● **What you should do**
Check each line of the entries below for the string "hgraph" and state how many lines have it, with no other text.
^^^^
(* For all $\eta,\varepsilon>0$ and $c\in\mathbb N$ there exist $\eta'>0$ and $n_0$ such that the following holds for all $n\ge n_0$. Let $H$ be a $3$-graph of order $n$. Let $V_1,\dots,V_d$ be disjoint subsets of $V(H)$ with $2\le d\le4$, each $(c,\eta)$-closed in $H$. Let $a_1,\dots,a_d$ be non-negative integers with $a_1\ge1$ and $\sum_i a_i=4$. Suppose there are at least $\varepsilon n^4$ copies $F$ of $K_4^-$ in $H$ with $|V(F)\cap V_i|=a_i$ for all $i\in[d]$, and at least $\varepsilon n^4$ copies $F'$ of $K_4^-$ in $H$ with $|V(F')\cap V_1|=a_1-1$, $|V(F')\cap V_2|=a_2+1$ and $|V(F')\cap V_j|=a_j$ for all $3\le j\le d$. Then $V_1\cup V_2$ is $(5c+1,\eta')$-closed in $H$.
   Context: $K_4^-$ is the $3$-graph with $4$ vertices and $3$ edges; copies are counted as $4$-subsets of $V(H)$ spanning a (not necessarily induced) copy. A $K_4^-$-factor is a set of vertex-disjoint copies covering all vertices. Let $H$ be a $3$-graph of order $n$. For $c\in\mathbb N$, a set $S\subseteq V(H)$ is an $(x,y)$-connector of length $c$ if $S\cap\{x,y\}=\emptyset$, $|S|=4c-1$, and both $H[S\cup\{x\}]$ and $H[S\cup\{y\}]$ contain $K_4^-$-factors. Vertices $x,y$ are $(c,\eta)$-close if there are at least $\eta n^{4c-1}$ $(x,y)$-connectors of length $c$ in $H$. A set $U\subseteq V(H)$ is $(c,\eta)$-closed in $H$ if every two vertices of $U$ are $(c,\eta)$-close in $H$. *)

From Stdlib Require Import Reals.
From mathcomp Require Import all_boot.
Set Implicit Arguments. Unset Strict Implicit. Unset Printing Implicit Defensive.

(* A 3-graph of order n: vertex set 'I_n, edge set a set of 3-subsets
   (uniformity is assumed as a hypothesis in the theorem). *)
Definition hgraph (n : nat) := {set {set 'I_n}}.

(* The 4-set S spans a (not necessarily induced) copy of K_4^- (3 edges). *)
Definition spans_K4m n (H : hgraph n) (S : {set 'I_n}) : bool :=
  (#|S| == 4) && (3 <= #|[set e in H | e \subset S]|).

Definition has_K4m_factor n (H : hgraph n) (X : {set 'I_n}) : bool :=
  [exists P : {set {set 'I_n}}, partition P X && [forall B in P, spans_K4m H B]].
^^^^
● **Answer to this problem**
3